By Amanda Cooper
LONDON, Jan 19 (Reuters) - The dollar dipped on Monday as investors flocked to safe havens like the Swiss franc, after U.S. President Donald Trump's latest tariff threats against Europe over Greenland sparked a broad risk-averse move across markets.
Trump said over the weekend he would impose an additional 10% import tariff from February 1 on goods from Denmark, Norway, Sweden, France, Germany, the Netherlands, Finland and Britain, until the U.S. is allowed to buy Greenland.
European leaders were scrambling to avert a trade war and agreed to intensify their efforts to dissuade Trump from imposing tariffs, while also preparing retaliatory measures should the duties go ahead.
After a brief overnight drop, European currencies including the euro EUR=, pound and Scandinavian crowns rose. The Swiss franc CHF=, a classic safe-haven, headed for its largest daily rise against the dollar in a month.
EURO BENEFITS FROM DOLLAR AVERSION
The euro was up 0.3% at $1.1638 in afternoon trading in Europe, while the pound GBP= was up 0.34% at $1.342 and the Norwegian crown strengthened, leaving the dollar down 0.2% on the day at 10.066 NOK=.
The initial reaction among investors has been to sell the dollar, as they did when Trump unveiled sweeping tariffs on the world last April, triggering a crisis of confidence in U.S. assets.
While some movement of capital out of the dollar was evident on Monday, most notably with the Swiss franc's gains, analysts said a further escalation in tensions could see investors move their money back into the U.S. currency.
"It's not obvious to me that a trade war, if it escalates as a result of President Trump's reaction to his inability to get his hands on Greenland, is necessarily bad for the dollar. It's definitely worse for Europe. Europe exports more to the United States than the United States exports to Europe," Kit Juckes, chief FX strategist at Societe Generale, said.
YEN STILL IN INTERVENTION ZONE
The dollar was down 0.7% on the day at 0.797 Swiss francs, and down 0.14% against the Japanese yen JPY=, another non-U.S. safe-haven, at 157.9 yen.
Domestic Japanese politics have hampered the yen in recent weeks, with a looming snap election raising expectations of greater fiscal stimulus. With the yen trading around its weakest since mid-2024, the risk of official intervention is high, not least because of the verbal warnings from Tokyo in the last couple of weeks.

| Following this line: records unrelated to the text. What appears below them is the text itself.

(* Fix $\epsilon\in[0,1/3)$ and $\zeta\in(0,1)$, and suppose the local identification assumption holds. Let $\hat\theta\in\Theta$ be the estimator returned by the numerical optimizer. Suppose there is an event $E$ of probability at least $1-\zeta$ on which: (i) for every $k\in[L]$ and every $\theta\in\mathcal B_0$, $$\Big\|\sum_{n=1}^N\hat w^{(k)}_n(\theta)\check g^{(k)}_n(\theta)-\mu^{(k)}_g(\theta)\Big\|_2\le\delta_{\mu,k}(\zeta)+\alpha_\epsilon\sqrt{C_k},\qquad\alpha_\epsilon=\sqrt{\tfrac{\epsilon}{1-2\epsilon}}$$ (as guaranteed, under high-probability inlier stability, by the SGR reweighting with $C_k=C_{stop,k}$ or $C_k=\sup_{\theta\in\mathcal B_0}\|\Sigma^{(k)}_g(\theta)\|_{op}+\delta_{\Sigma,k}(\zeta)+(\delta_{\mu,k}(\zeta)+R_k)^2+\delta_{T,k}$); and (ii) $\hat\theta\in\mathcal B_0$ and $\|\hat\Psi^{SGR}(\hat\theta)\|_2\le\delta_{opt}$. Then on $E$ (hence with probability at least $1-\zeta$), $$\|\hat\theta-\theta^\star\|_2\le\frac{2}{\lambda^\star}\Big(\sum_{k=1}^La_k\big(\delta_{\mu,k}(\zeta)+\alpha_\epsilon\sqrt{C_k}\big)+\delta_{opt}\Big).$$
   Context: Let $\Theta\subseteq\mathbb R^p$, $\theta^\star\in\Theta$, $L\ge1$, population moment blocks $m_k:\Theta\to\mathbb R^{q_k}$, $m=(m_1,\dots,m_L):\Theta\to\mathbb R^q$, Jacobian $G(\theta)=\nabla_\theta m(\theta)\in\mathbb R^{q\times p}$, $W\in\mathbb R^{q\times q}$ symmetric PSD, and population GMM score $\Psi(\theta)=G(\theta)^\top Wm(\theta)$. Local identification assumption: there is $r_0>0$ with $\mathcal B_0=\{\theta:\|\theta-\theta^\star\|_2\le r_0\}\subseteq\Theta$ and (i) $m(\theta^\star)=0$; (ii) $m$ is $C^1$ on $\mathcal B_0$ with $\|G(\theta)-G(\theta')\|_{op}\le L_G\|\theta-\theta'\|_2$ on $\mathcal B_0$; (iii) $\lambda^\star=\lambda_{\min}((G^\star)^\top WG^\star)>0$ where $G^\star=G(\theta^\star)$; (iv) $\|W\|_{op}L_Gr_0(\frac32\|G^\star\|_{op}+\frac12L_Gr_0)\le\lambda^\star/2$. For each $k\in[L]$, $n\in[N]$ and $\theta$, $\check g^{(k)}_n(\theta)\in\mathbb R^p$ is the per-observation gradient of the order-$k$ moment-matching objective evaluated at the (possibly $\epsilon$-contaminated) $n$-th observation, with inlier population mean $\mu^{(k)}_g(\theta)\in\mathbb R^p$; $a_1,\dots,a_L\ge0$ are scalars with $\Psi(\theta)=\sum_{k=1}^La_k\mu^{(k)}_g(\theta)$ for $\theta\in\mathcal B_0$. The capped simplex is $\Delta_{N,\epsilon}=\{w\in\mathbb R^N:\sum_nw_n=1,0\le w_n\le\frac1{(1-\epsilon)N}\}$; $\hat w^{(k)}(\theta)\in\Delta_{N,\epsilon}$ are the reweighting weights computed on the cloud $\{\check g^{(k)}_n(\theta)\}_n$, and $\hat\Psi^{SGR}(\theta)=\sum_{k=1}^La_k\sum_{n=1}^N\hat w^{(k)}_n(\theta)\check g^{(k)}_n(\theta)$. The constants $\delta_{\mu,k}(\zeta),C_k,\delta_{opt}\ge0$ are given. *)

From HB Require Import structures.
From mathcomp Require Import all_boot all_order all_algebra.
From mathcomp Require Import all_classical all_reals all_analysis.
Set Implicit Arguments. Unset Strict Implicit. Unset Printing Implicit Defensive.
Import Order.TTheory GRing.Theory Num.Theory.
Import numFieldNormedType.Exports.
Local Open Scope classical_set_scope.
Local Open Scope ring_scope.

Section Defs.
Variable R : realType.

Definition norm2 (n : nat) (v : 'cV[R]_n) : R :=
  Num.sqrt (\sum_(i < n) v i 0 ^+ 2).

Definition opnorm (m n : nat) (A : 'M[R]_(m, n)) : R :=
  sup [set norm2 (A *m x) | x in [set x : 'cV[R]_n | norm2 x <= 1]].

Definition lambda_min (n : nat) (M : 'M[R]_n) : R :=
  inf [set a : R | eigenvalue M a].

Definition ball2 (n : nat) (c : 'cV[R]_n) (r : R) : set 'cV[R]_n :=
  [set x | norm2 (x - c) <= r].

Definition capped_simplex (N : nat) (eps : R) (w : 'I_N -> R) : Prop :=
  \sum_(n < N) w n = 1 /\
  (forall n, 0 <= w n /\ w n <= (((1 - eps) * N%:R)^-1)).

Definition sym_psd (n : nat) (W : 'M[R]_n) : Prop :=
  W^T = W /\ (forall x : 'cV[R]_n, 0 <= (x^T *m W *m x) 0 0).

End Defs.

From HB Require Import structures.
From mathcomp Require Import all_boot all_order all_algebra.
From mathcomp Require Import all_classical all_reals all_analysis.
From mathcomp Require Import ring lra.
Import Order.TTheory GRing.Theory Num.Theory.
Import numFieldNormedType.Exports.
Local Open Scope classical_set_scope.
Local Open Scope ring_scope.
Set Implicit Arguments. Unset Strict Implicit. Unset Printing Implicit Defensive.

"We still remain sceptical of intervention being successful on a sustained basis and would need fundamental supportive yen factors to play out as well. Moves in yen today are certainly more contained," Derek Halpenny, MUFG's head of research for global markets EMEA, said in a note.
Cryptocurrencies, often a barometer of investor risk sentiment, tumbled. Bitcoin BTC= was down 2.5% just below $93,011, while ether ETH= fell 3.8% to $3,213.
Data on Monday showed China's economy grew 5.0% last year, meeting the government's target by seizing a record share of global demand for goods to offset weak domestic consumption.
The onshore yuan CNY=CFXS climbed to a 32-month peak of 6.9630 per dollar, shrugging off the mixed data, after China's central bank set its strongest daily fixing in more than two years.